News / Reviews

August 2017

Gundula Janowitz 80th Anniversary


In 1972, the then 35 year old soprano with the so unmistakably silvery timbre and rapid vibrato that always sounded chaste (together with a slight, charming lisp) gave a Lieder recital at the Salzburg Festival. The programme consisted of virtually unknown Schubert as well as original and high-quality settings by Schubert's close friend Anselm Hüttenbrenner; the wonderful Irwin Gage accompanied her.
Orfeo has documented this recital along with many of her Gundula Janowitzmajor roles at the Vienna State Opera, often in live recordings of complete operas, but also in excerpted form on a portrait album. The latter includes Donna Anna in Don Giovanni under Karajan (1970), Agathe in Der Freischütz (1972) and Ariadne (1976) under Böhm as well as Don Carlo under Horst Stein (1970) – all operas available complete in the Orfeo catalogue – Monteverdi's Poppea (1963), Marzelline and Leonore (Fidelio 1962 and 1978) plus an exquisite excerpt from Meistersinger from 21 October 1975 with Janowitz as Eva and a jovially mischievous Karl Ridderbusch as Sachs. There is also the small jewel of her Fiordiligi at the side of Christa Ludwig as Dorabella in a live recording of Così fan tutte under Josef Krips from the Vienna State Opera (1968).
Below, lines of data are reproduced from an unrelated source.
(* Let $t=\alpha^\mu\beta^\nu$ with $\mu\in\mathbb{Z}_{\ge0}^m$, $\nu\in\mathbb{Z}_{\ge0}^n$. If $t$ has a syl-representation, then $t$ has a res-representation.
   Context: For $M\in\{0,1\}^{m\times n}$: $\bar M_{ij}=1-M_{ij}$; $rs(M)=(\sum_j M_{ij})_i$; $cs(M)=(\sum_i M_{ij})_j$; $ars(M)=(i+\sum_j M_{ij})_{i=1..m}$; $acs(M)=(j+\sum_i M_{ij})_{j=1..n}$. A res-representation of $\alpha^\mu\beta^\nu$ is $\mathcal{R}\in\{0,1\}^{m\times n}$ with $rs(\mathcal{R})=\mu$ and $cs(\bar{\mathcal{R}})=\nu$. $PC(A,B)$ means $\{acs(A)_1,\dots,acs(A)_n,ars(B)_1,\dots,ars(B)_m\}=\{1,\dots,m+n\}$. A syl-representation of $\alpha^\mu\beta^\nu$ is a pair $(\mathcal{S}_1,\mathcal{S}_2)$ in $\{0,1\}^{m\times n}$ with $rs(\mathcal{S}_1)=\mu$, $cs(\mathcal{S}_2)=\nu$, $PC(\mathcal{S}_1,\mathcal{S}_2)$. *)

From mathcomp Require Import all_boot all_order all_algebra.
Set Implicit Arguments. Unset Strict Implicit. Unset Printing Implicit Defensive.

(* 0/1 matrices are boolean matrices; entries counted as naturals (true = 1). *)
Definition bmx (m n : nat) := 'M[bool]_(m, n).

Definition compl_mx m n (M : bmx m n) : bmx m n := map_mx negb M.

Definition rs m n (M : bmx m n) (i : 'I_m) : nat := \sum_(j < n) nat_of_bool (M i j).
Definition cs m n (M : bmx m n) (j : 'I_n) : nat := \sum_(i < m) nat_of_bool (M i j).

(* 1-based indices: row i (0-based ordinal) is row i.+1 in the paper *)
Definition ars m n (M : bmx m n) (i : 'I_m) : nat := i.+1 + rs M i.
Definition acs m n (M : bmx m n) (j : 'I_n) : nat := j.+1 + cs M j.

Definition PC m n (A B : bmx m n) : Prop :=
  forall k : nat,
    (k \in [seq acs A j | j <- enum 'I_n] ++ [seq ars B i | i <- enum 'I_m])
    = (1 <= k <= m + n).

Definition res_rep m n (mu : 'I_m -> nat) (nu : 'I_n -> nat) (R : bmx m n) : Prop :=
  (forall i, rs R i = mu i) /\ (forall j, cs (compl_mx R) j = nu j).

Definition syl_rep m n (mu : 'I_m -> nat) (nu : 'I_n -> nat) (S1 S2 : bmx m n) : Prop :=
  (forall i, rs S1 i = mu i) /\ (forall j, cs S2 j = nu j) /\ PC S1 S2.

From mathcomp Require Import all_boot all_order all_algebra.
From mathcomp Require Import zify.
Set Implicit Arguments. Unset Strict Implicit. Unset Printing Implicit Defensive.

(* A res-representation is a 0/1 matrix with row sums [mu] and column sums
   [m - nu].  By a Gale-Ryser type criterion such a matrix exists as soon as
   the totals agree and, for every set [J] of [q] columns,
   sum_i (mu_i - (n - q))_+ <= sum_(j in J) (m - nu_j); this is proved by
   induction on the columns, putting the ones of the first column in the rows
   of largest [mu].
   For a syl-representation (S1, S2), PC says that the augmented column sums
   of S1 and row sums of S2 enumerate 1..m+n.  Choose a threshold v below
   which exactly q augmented column sums lie, on a column set L, together with
   the augmented row sums of a row set T, |L| + |T| = v.  Their total is
   1 + ... + v, while the indices alone contribute at least
   (1 + ... + |L|) + (1 + ... + |T|), so sum_L cs S1 + sum_T rs S2 <= q |T|.
   Since each row of S1 has at most n - q ones outside L and each row of S2 at
   least q - rs S2 i zeros in J, the criterion follows. *)

Lemma leq_sum_in (T : finType) (A : {pred T}) (F : T -> nat) :
  \sum_(i in A) F i <= \sum_i F i.
Proof. by rewrite [leqRHS](bigID (mem A)) leq_addr. Qed.

Lemma sum_nat_bool_negb (T : finType) (P : pred T) (b : T -> bool) :
  \sum_(i | P i) b i + \sum_(i | P i) ~~ b i = #|P|.
Proof. by rewrite -big_split -sum1_card; apply: eq_bigr => i _; case: (b i). Qed.

Section BoolMatrixSums.
Variables (m n : nat) (M : bmx m n).

Lemma rs_le i : rs M i <= n.
Proof. by rewrite -[leqRHS]card_ord -sum1_card; apply: leq_sum => j _; case: (M i j). Qed.

Lemma cs_le j : cs M j <= m.
Proof. by rewrite -[leqRHS]card_ord -sum1_card; apply: leq_sum => i _; case: (M i j). Qed.

Lemma cs_compl_mx j : cs (compl_mx M) j = m - cs M j.
Proof.
have := sum_nat_bool_negb xpredT (M ^~ j); rewrite card_ord => sum_m.
rewrite -[X in X - _]sum_m /cs addKn; apply: eq_bigr => i _; by rewrite mxE.
Qed.

Lemma rs_compl_mx i : rs (compl_mx M) i = n - rs M i.
Proof.
have := sum_nat_bool_negb xpredT (M i); rewrite card_ord => sum_n.
rewrite -[X in X - _]sum_n /rs addKn; apply: eq_bigr => j _; by rewrite mxE.
Qed.

Lemma sum_rs : \sum_i rs M i = \sum_j cs M j.
Proof. exact: exchange_big. Qed.

End BoolMatrixSums.

Lemma exists_top_set m (mu : 'I_m -> nat) k : k <= m -> exists S : {set 'I_m},
  #|S| = k /\ forall i i', i \in S -> i' \notin S -> mu i' <= mu i.
Proof.
elim: k => [|k IHk] lt_k_m.
  by exists set0; split=> [|i i']; rewrite ?cards0 ?in_set0.
have [S [cardS topS]] := IHk (ltnW lt_k_m).
have /set0Pn[i0 i0S] : ~: S != set0.
  by rewrite -card_gt0; have := cardsC S; rewrite card_ord cardS; lia.
have [x xS maxx] := arg_maxnP mu i0S.
have xS' : x \notin S by rewrite -in_setC.
exists (x |: S); split; first by rewrite cardsU1 xS' cardS.
move=> i i'; rewrite !in_setU1 negb_or => /predU1P[-> | iS] /andP[_ i'S].
  by apply: (maxx i' (_ : i' \in ~: S)); rewrite in_setC.
exact: topS.
Qed.

Lemma sum_mem_card (T : finType) (A : {pred T}) : \sum_i (i \in A) = #|A|.
Proof. by rewrite -sum1_card [RHS]big_mkcond; apply: eq_bigr => i _; case: (i \in A). Qed.

Lemma sum_subn_indicator (T : finType) (f : T -> nat) (S : {set T}) :
  (forall i, i \in S -> 0 < f i) -> \sum_i f i = \sum_i (f i - (i \in S)) + #|S|.
Proof.
move=> posS; rewrite -sum_mem_card -big_split /=.
by apply: eq_bigr => i _; case: (boolP (i \in S)) => [/posS|] /=; lia.
Qed.

(* Subtraction is truncated: [mu i - (n - #|J|)] is the least number of ones
   that row [i] must place in the columns [J]. *)
Definition gale_ryser_cond m n (mu : 'I_m -> nat) (ka : 'I_n -> nat) :=
  forall J : {set 'I_n}, \sum_i (mu i - (n - #|J|)) <= \sum_(j in J) ka j.

Section GaleRyserFirstColumn.
Variables (m n : nat) (mu : 'I_m -> nat) (ka : 'I_n.+1 -> nat).
Hypotheses (sum_mu_ka : \sum_i mu i = \sum_j ka j) (grc : gale_ryser_cond mu ka).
Gundula Janowitz, who was born on 2 August 1937 in Berlin but was of Hungarian-Austrian extraction, and grew up and was trained in Graz, sang Wagner at Bayreuth as early as 1960: albeit "only" as a Flowermaiden in Parsifal – captured and easily identifiable on CD! This was followed in 1963 by Beethoven's Ninth Symphony with Grace Bumbry, Jess Thomas, George London and the Bayreuth Festival chorus and orchestra under Karl Böhm. Then everything went quite quickly. Thanks to Herbert von Karajan there followed an engagement at the Vienna State Opera, Pamina in Aix-en-Provence in 1963, Ilia (Idomeneo) the following year at Glyndebourne, a string of recordings, Strauss and Wagner in Salzburg (Sieglinde at the first Easter Festival in 1967). Jens Malte Fischer, in his 1995 book Große Stimmen, rightly praised the "marmoreal beauty" of her singing, "as cool as it is classically rigorous".
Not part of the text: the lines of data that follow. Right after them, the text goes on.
Definition regular_qcycle (p d : sconst) : Prop :=
  regular_qmagma p d /\
  forall a b c : 'rV[K]_n,
  [/\ sweedler b (fun b1 b2 => bilin p (bilin p a b1) (bilin d c b2)) =
      sweedler c (fun c1 c2 => bilin p (bilin p a c2) (bilin p b c1)),
      sweedler b (fun b1 b2 => bilin d (bilin p a b1) (bilin p c b2)) =
      sweedler c (fun c1 c2 => bilin p (bilin d a c2) (bilin d b c1)) &
      sweedler b (fun b1 b2 => bilin d (bilin d a b1) (bilin d c b2)) =
      sweedler c (fun c1 c2 => bilin d (bilin d a c2) (bilin p b c1))].

End QCycle.

(* Write alpha_f = f_{10}^1, beta_f = f_{01}^1 and gamma_f = f_{11}^1.  For a coalgebra
   morphism f the structure constants satisfy f_{ij}^0 = delta_{i0} delta_{j0} and
   f_{ij}^{k+l} = sum f_{ac}^k f_{i-a,j-c}^l.  Hence f_{00}^1 is nilpotent, so zero,
   f_{ij}^m = 0 whenever i + j < m, and f_{i1}^{i+1} = (i+1) alpha^i beta; at i = n-1
   the left side is 0 (there is no x_n), so beta = 0 in characteristic 0 as soon as
   alpha <> 0.  Then f sends x0(x)x0, x1(x)x0, x0(x)x1, x1(x)x1 to x0, alpha x1, 0,
   gamma x1.  Regularity at a = x1, b = x0 gives alpha_u alpha_p = 1 = alpha_d alpha_l,
   and the cycle identities (1) and (3) at (x1,x1,x0) and (x1,x0,x1) give
   alpha_f gamma_f (alpha_p - 1) = alpha_f gamma_f (alpha_d - 1) = 0 for f = p, d. *)

From HB Require Import structures.
From mathcomp Require Import all_boot all_order all_algebra.
From mathcomp Require Import ring zify.
Import GRing.Theory.
Local Open Scope ring_scope.
Set Implicit Arguments. Unset Strict Implicit. Unset Printing Implicit Defensive.

Lemma sum_ord_addn_eq (V : nmodType) (n a i : nat) (G : nat -> V) : (i < n)%N ->
  \sum_(b < n) (if (a + b == i)%N then G b else 0) = if (a <= i)%N then G (i - a)%N else 0.
Proof.
move=> lt_in; rewrite -big_mkcond /=; case: leqP => [le_ai|lt_ia].
- have lt_ian : (i - a < n)%N by lia.
  by rewrite (big_pred1 (Ordinal lt_ian)) // => b; rewrite /= -val_eqE /=; apply/eqP/eqP; lia.
- by rewrite big_pred0 // => b; apply/negbTE/eqP; lia.
Qed.

Section StructureConstants.
Variables (K : fieldType) (n : nat) (f : sconst K n).

(* The structure constants extended by zero to all natural indices, so that index
   arithmetic such as i - a can be done in nat. *)
Definition sconstN (i j m : nat) : K :=
  if insub i is Some a then if insub j is Some b then if insub m is Some c then
    f a b c else 0 else 0 else 0.

Local Notation F := sconstN.

Lemma sconstN_ord (a b c : 'I_n) : F a b c = f a b c.
Proof. by rewrite /F !valK. Qed.

Lemma sconstN_out i j m : [|| (n <= i)%N, (n <= j)%N | (n <= m)%N] -> F i j m = 0.
Proof.
by rewrite /F; do 3 case: insubP => [? ? _|//]; lia.
Qed.

Lemma fc_sconstN (a b : 'I_n) m : fc f a b m = F a b m.
Proof.
rewrite /fc; case: (ltnP m n) => [lt_mn|le_nm].
- by rewrite (big_pred1 (Ordinal lt_mn)) => [|t]; [rewrite -sconstN_ord|rewrite /= -val_eqE].
- rewrite sconstN_out ?le_nm ?orbT // big_pred0 // => t.
  by rewrite ltn_eqF // (leq_trans (ltn_ord t)).
Qed.

Hypothesis f_mor : coalg_mor f.

Lemma sconstN_counit i j : (i < n)%N -> (j < n)%N ->
  F i j 0 = ((i == 0%N) && (j == 0%N))%:R.
Proof. by move=> lt_in lt_jn; rewrite -(fc_sconstN (Ordinal lt_in) (Ordinal lt_jn)) f_mor.2. Qed.

Lemma sconstN_comul i j k l : (i < n)%N -> (j < n)%N -> (k < n)%N -> (l < n)%N ->
  F i j (k + l) = \sum_(a < i.+1) \sum_(c < j.+1) F a c k * F (i - a) (j - c) l.
Proof.
move=> lt_in lt_jn lt_kn lt_ln.
rewrite -(fc_sconstN (Ordinal lt_in) (Ordinal lt_jn)).
rewrite (f_mor.1 _ _ (Ordinal lt_kn) (Ordinal lt_ln)) /=.
rewrite (big_ord_widen n (fun a => \sum_(c < j.+1) F a c k * F (i - a) (j - c) l) lt_in).
rewrite [RHS]big_mkcond /=; apply: eq_bigr => a _; rewrite exchange_big /= ltnS.
case: leqP => [le_ai|lt_ia]; last first.
  by do 3 (rewrite big1 // => ? _); rewrite gtn_eqF ?ltn_addr.
rewrite (big_ord_widen n (fun c => F a c k * F (i - a) (j - c) l) lt_jn).
rewrite [RHS]big_mkcond /=; apply: eq_bigr => c _; rewrite ltnS.
transitivity (\sum_(b < n) if (a + b == i)%N then
  \sum_(d < n) (if (c + d == j)%N then F a c k * F b d l else 0) else 0).
  apply: eq_bigr => b _; case: eqP => _ /=; last by rewrite big1.
  by apply: eq_bigr => d _; rewrite -!sconstN_ord.
rewrite (sum_ord_addn_eq _
  (fun b => \sum_(d < n) (if (c + d == j)%N then F a c k * F b d l else 0))) // le_ai.
by rewrite (sum_ord_addn_eq _ (fun d => F a c k * F (i - a) d l)).
Qed.

Lemma sconstN00_1 : F 0 0 1 = 0.
Proof.
case: (leqP n 1) => [le_n1|lt_1n]; first by rewrite sconstN_out ?le_n1 ?orbT.
have lt_0n : (0 < n)%N by apply: ltnW.
have pow m : (m < n)%N -> F 0 0 m = F 0 0 1 ^+ m.
  elim: m => [|m IHm] lt_mn; first by rewrite sconstN_counit.
  have lt_m : (m < n)%N by apply: ltnW.
  by rewrite exprSr -IHm // -addn1 sconstN_comul // !big_ord1.
have lt_pn : (n.-1 < n)%N by rewrite ltn_predL.
have := sconstN_comul lt_0n lt_0n lt_pn lt_1n.
rewrite addn1 prednK // (sconstN_out (i := 0) (j := 0) (m := n)) ?leqnn ?orbT //.
rewrite !big_ord1 /= pow // -exprSr prednK // => /esym/eqP.
by rewrite expf_eq0 => /andP[_ /eqP].
Qed.

Lemma sconstN_lt i j m : (i + j < m)%N -> F i j m = 0.
Proof.
elim: m i j => [//|m IHm] i j lt_ijm.
case: (ltnP m.+1 n) => [lt_mn|le_nm]; last by rewrite sconstN_out ?le_nm ?orbT.
have [lt_in lt_jn lt_m lt_1n] : [/\ (i < n)%N, (j < n)%N, (m < n)%N & (1 < n)%N] by split; lia.
rewrite -addn1 sconstN_comul //; apply: big1 => a _; apply: big1 => c _.
case: (ltnP (a + c) m) => [lt_acm|le_mac]; first by rewrite IHm ?mul0r.
have [-> ->] : (i - a = 0)%N /\ (j - c = 0)%N by have := ltn_ord a; have := ltn_ord c; lia.
by rewrite sconstN00_1 mulr0.
Qed.

Lemma sconstN_diag0 i : (i < n)%N -> F i 0 i = F 1 0 1 ^+ i.
Proof.
elim: i => [|i IHi] lt_in; first by rewrite sconstN_counit.
have [lt_i lt_0n lt_1n] : [/\ (i < n)%N, (0 < n)%N & (1 < n)%N] by split; lia.
rewrite -[X in F _ _ X]addn1 sconstN_comul //; under eq_bigr do rewrite big_ord1 /=.
rewrite !big_ord_recr /= big1 => [|a _]; last by rewrite sconstN_lt ?mul0r // addn0.
by rewrite add0r subSnn !subnn sconstN00_1 mulr0 addr0 IHi // exprSr.
Qed.

Lemma sconstN_diag1 i : (i < n)%N -> F i 1 i.+1 = i.+1%:R * F 1 0 1 ^+ i * F 0 1 1.
Proof.
elim: i => [|i IHi] lt_in; first by rewrite expr0 mulr1 mul1r.
have [lt_i lt_1n] : (i < n)%N /\ (1 < n)%N by split; lia.
rewrite -[X in F _ _ X]addn1 sconstN_comul //.
under eq_bigr do rewrite !big_ord_recr big_ord0 /= add0r.
rewrite !big_ord_recr /= big1 => [|a _]; last first.
  have lt_ai := ltn_ord a.
  by rewrite !(sconstN_lt (i := a)) ?mul0r ?addr0 //; lia.
rewrite add0r subSnn !subnn subn0 (sconstN_lt (i := i) (j := 0)) ?addn0 //.
rewrite sconstN00_1 IHi // (sconstN_diag0 lt_in).
by rewrite !exprS; ring.
Qed.

Lemma sconstN01_1_eq0 : [pchar K] =i pred0 -> F 1 0 1 != 0 -> F 0 1 1 = 0.
Proof.
move=> /pcharf0P char0 alpha_neq0.
case: (posnP n) => [n0|lt_0n]; first by rewrite sconstN_out // n0.
have := @sconstN_diag1 n.-1; rewrite prednK // => /(_ (leqnn n)).
rewrite sconstN_out ?leqnn ?orbT // => /esym/eqP.
rewrite !mulf_eq0 expf_eq0 (negbTE alpha_neq0) char0 andbF orbF eqn0Ngt lt_0n.
by move/eqP.
Qed.

Lemma sconstN11_2 : F 0 1 1 = 0 -> F 1 1 2 = 0.
Proof.
move=> beta0; case: (leqP n 2) => [le_n2|lt_2n]; first by rewrite sconstN_out ?le_n2 ?orbT.
have lt_1n : (1 < n)%N by apply: ltnW.
rewrite -[2%N]/(1 + 1)%N sconstN_comul // !big_ord_recr !big_ord0 /=.
by rewrite beta0 sconstN00_1 !(mulr0, mul0r, add0r).
Qed.
End StructureConstants.

Section LowDegree.
Variables (K : fieldType) (n : nat) (i0 i1 : 'I_n).
Hypotheses (i0_val : nat_of_ord i0 = 0%N) (i1_val : nat_of_ord i1 = 1%N).

Local Notation x0 := (bas K i0).
Local Notation x1 := (bas K i1).

Lemma bilinZl (f : sconst K n) c a b : bilin f (c *: a) b = c *: bilin f a b.
Proof.
apply/rowP => k; rewrite !mxE mulr_sumr; apply: eq_bigr => i _.
by rewrite mulr_sumr; apply: eq_bigr => j _; rewrite !mxE -!mulrA.
Qed.

Lemma bilinZr (f : sconst K n) c a b : bilin f a (c *: b) = c *: bilin f a b.
Proof.
apply/rowP => k; rewrite !mxE mulr_sumr; apply: eq_bigr => i _.
by rewrite mulr_sumr; apply: eq_bigr => j _; rewrite !mxE mulrCA -!mulrA.
Qed.

Lemma bilin_bas (f : sconst K n) i j : bilin f (bas K i) (bas K j) = \row_k f i j k.
Proof.
apply/rowP => k; rewrite /bas !mxE; under eq_bigr do under eq_bigr do rewrite !mxE.
rewrite (bigD1 i) //= (bigD1 j) //= !eqxx !mul1r.
rewrite big1 => [|t ne_tj]; last by rewrite eq_sym (negbTE ne_tj) mulr0 mul0r.
rewrite big1 ?addr0 // => s ne_si.
by rewrite big1 // => t _; rewrite eq_sym (negbTE ne_si) !mul0r.
Qed.

Lemma coef_bas (i : 'I_n) m : coef (bas K i) m = (i == m :> nat)%:R.
Proof.
rewrite /coef big_mkcond (bigD1 i) //= big1 => [|k ne_ki]; last first.
  by rewrite /bas mxE (eq_sym i) (negbTE ne_ki); case: ifP.
by rewrite /bas mxE eqxx addr0; case: eqP.
Qed.

Lemma counit_bas0 : counit x0 = 1.
Proof. by rewrite /counit coef_bas i0_val. Qed.

Lemma sum_ord_dirac (V : lmodType K) (m : 'I_n) (G : 'I_n -> V) :
  \sum_(j < n) (j == m)%:R *: G j = G m.
Proof.
rewrite (bigD1 m) //= eqxx scale1r big1 ?addr0 // => j ne_jm.
by rewrite (negbTE ne_jm) scale0r.
Qed.

Lemma i0_eq_i1F : (i0 == i1) = false.
Proof. by rewrite -val_eqE /= i0_val i1_val. Qed.

Lemma sweedler_bas0 E : sweedler x0 E = E x0 x0.
Proof.
have idx (i j : 'I_n) : (i0 == i + j :> nat)%N = (i == i0) && (j == i0).
  by rewrite -!val_eqE /= i0_val; lia.
rewrite /sweedler; under eq_bigr do under eq_bigr do rewrite coef_bas idx.
rewrite (bigD1 i0) //= [\sum_(i < n | i != i0) _]big1 ?addr0 => [|i ne_i0]; last first.
  by rewrite big1 // => j _; rewrite (negbTE ne_i0) scale0r.
by under eq_bigr do rewrite eqxx; rewrite sum_ord_dirac.
Qed.

Lemma sweedler_bas1 E : sweedler x1 E = E x0 x1 + E x1 x0.
Proof.
have idx (i j : 'I_n) :
    (i1 == i + j :> nat)%N = ((i == i0) && (j == i1)) || ((i == i1) && (j == i0)).
  by rewrite -!val_eqE /= i0_val i1_val; lia.
rewrite /sweedler; under eq_bigr do under eq_bigr do rewrite coef_bas idx.
have ne_i1i0 : i1 != i0 by rewrite eq_sym i0_eq_i1F.
rewrite (bigD1 i0) //= [\sum_(i < n | i != i0) _](bigD1 i1) //=.
rewrite [\sum_(i < n | (i != i0) && (i != i1)) _]big1 ?addr0 => [|i]; last first.
  case/andP=> /negbTE ne_i0 /negbTE ne_i1.
  by rewrite big1 // => j _; rewrite ne_i0 ne_i1 scale0r.
rewrite !eqxx i0_eq_i1F (negbTE ne_i1i0) /=.
by under eq_bigr do rewrite orbF; rewrite !sum_ord_dirac.
Qed.

Section CoalgebraMorphism.
Variable f : sconst K n.
Hypothesis f_mor : coalg_mor f.

Lemma bilin_bas00 : bilin f x0 x0 = x0.
Proof.
apply/rowP => k; rewrite bilin_bas /bas !mxE -(sconstN_ord f) -val_eqE /= i0_val.
case: k => [[|k] lt_kn] /=; first by rewrite (sconstN_counit f_mor).
by rewrite (sconstN_lt f_mor).
Qed.

Lemma bilin_bas_deg1 (i j : 'I_n) :
  (i + j = 1)%N -> bilin f (bas K i) (bas K j) = f i j i1 *: x1.
Proof.
move=> ij1; apply/rowP => k; rewrite bilin_bas /bas !mxE -!(sconstN_ord f) -val_eqE /= i1_val.
case: k => [[|[|k]] lt_kn] /=; last by rewrite (sconstN_lt f_mor) ?ij1 // mulr0.
- have ij0 : (i == 0 :> nat) && (j == 0 :> nat) = false by lia.
  by rewrite (sconstN_counit f_mor) // ij0 mulr0.
- by rewrite mulr1.
Qed.

Lemma bilin_bas10 : bilin f x1 x0 = f i1 i0 i1 *: x1.
Proof. by rewrite bilin_bas_deg1 // i0_val i1_val. Qed.

Lemma bilin_bas01 : bilin f x0 x1 = f i0 i1 i1 *: x1.
Proof. by rewrite bilin_bas_deg1 // i0_val i1_val. Qed.

Lemma sconst01_1_eq0 : [pchar K] =i pred0 -> f i1 i0 i1 != 0 -> f i0 i1 i1 = 0.
Proof. by rewrite -!(sconstN_ord f) i0_val i1_val; apply: sconstN01_1_eq0. Qed.

Lemma bilin_bas11 : f i0 i1 i1 = 0 -> bilin f x1 x1 = f i1 i1 i1 *: x1.
Proof.
rewrite -(sconstN_ord f) i0_val i1_val => beta0.
apply/rowP => k; rewrite bilin_bas /bas !mxE -!(sconstN_ord f) -val_eqE /= i1_val.
case: k => [[|[|[|k]]] lt_kn] /=.
- by rewrite (sconstN_counit f_mor) ?mulr0 // -[X in (X < n)%N]i1_val.
- by rewrite mulr1.
- by rewrite (sconstN11_2 f_mor) // mulr0.
- by rewrite (sconstN_lt f_mor) // mulr0.
Qed.
End CoalgebraMorphism.

Lemma scale_bas1_inj (a b : K) : a *: x1 = b *: x1 -> a = b.
Proof. by move/rowP/(_ i1); rewrite /bas !mxE eqxx !mulr1. Qed.

Lemma alpha_mul_eq1 (f g : sconst K n) : coalg_mor f -> coalg_mor g ->
  bilin g (bilin f x1 x0) x0 = x1 -> f i1 i0 i1 * g i1 i0 i1 = 1.
Proof.
move=> f_mor g_mor; rewrite bilin_bas10 // bilinZl bilin_bas10 // scalerA.
by rewrite -[in RHS](scale1r x1) => /scale_bas1_inj.
Qed.

Lemma regular_qmagma_alpha_neq0 (p d : sconst K n) :
  regular_qmagma p d -> p i1 i0 i1 != 0 /\ d i1 i0 i1 != 0.
Proof.
case=> p_mor [d_mor [u [l [u_mor [l_mor reg]]]]].
have [up _ ld _] := reg x1 x0; move: up ld.
rewrite !sweedler_bas0 counit_bas0 !scale1r.
move=> /(alpha_mul_eq1 u_mor p_mor) up /(alpha_mul_eq1 d_mor l_mor) dl.
split; apply/eqP => alpha0; [move: up | move: dl]; rewrite alpha0 ?mulr0 ?mul0r.
- by move/eqP; rewrite eq_sym oner_eq0.
- by move/eqP; rewrite eq_sym oner_eq0.
Qed.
The great years in Gundula Janowitz's career were the 1970s and 1980s. And yet the Vienna live recording of the "Dove sono" of her Countess in Figaro from 7 February 1990 on the portrait album demonstrates that, shortly before she retired from the stage – she would later still give recitals – her voice had lost none of its character, even though in terms of substance it had been somewhat compromised by singing the great Verdi and Wagner roles like Sieglinde, Elsa and Elisabeth (Tannhäuser). The downside of her exceptionally slender bright voice, rich in harmonics, was that there was always the danger of a certain metallic shrillness.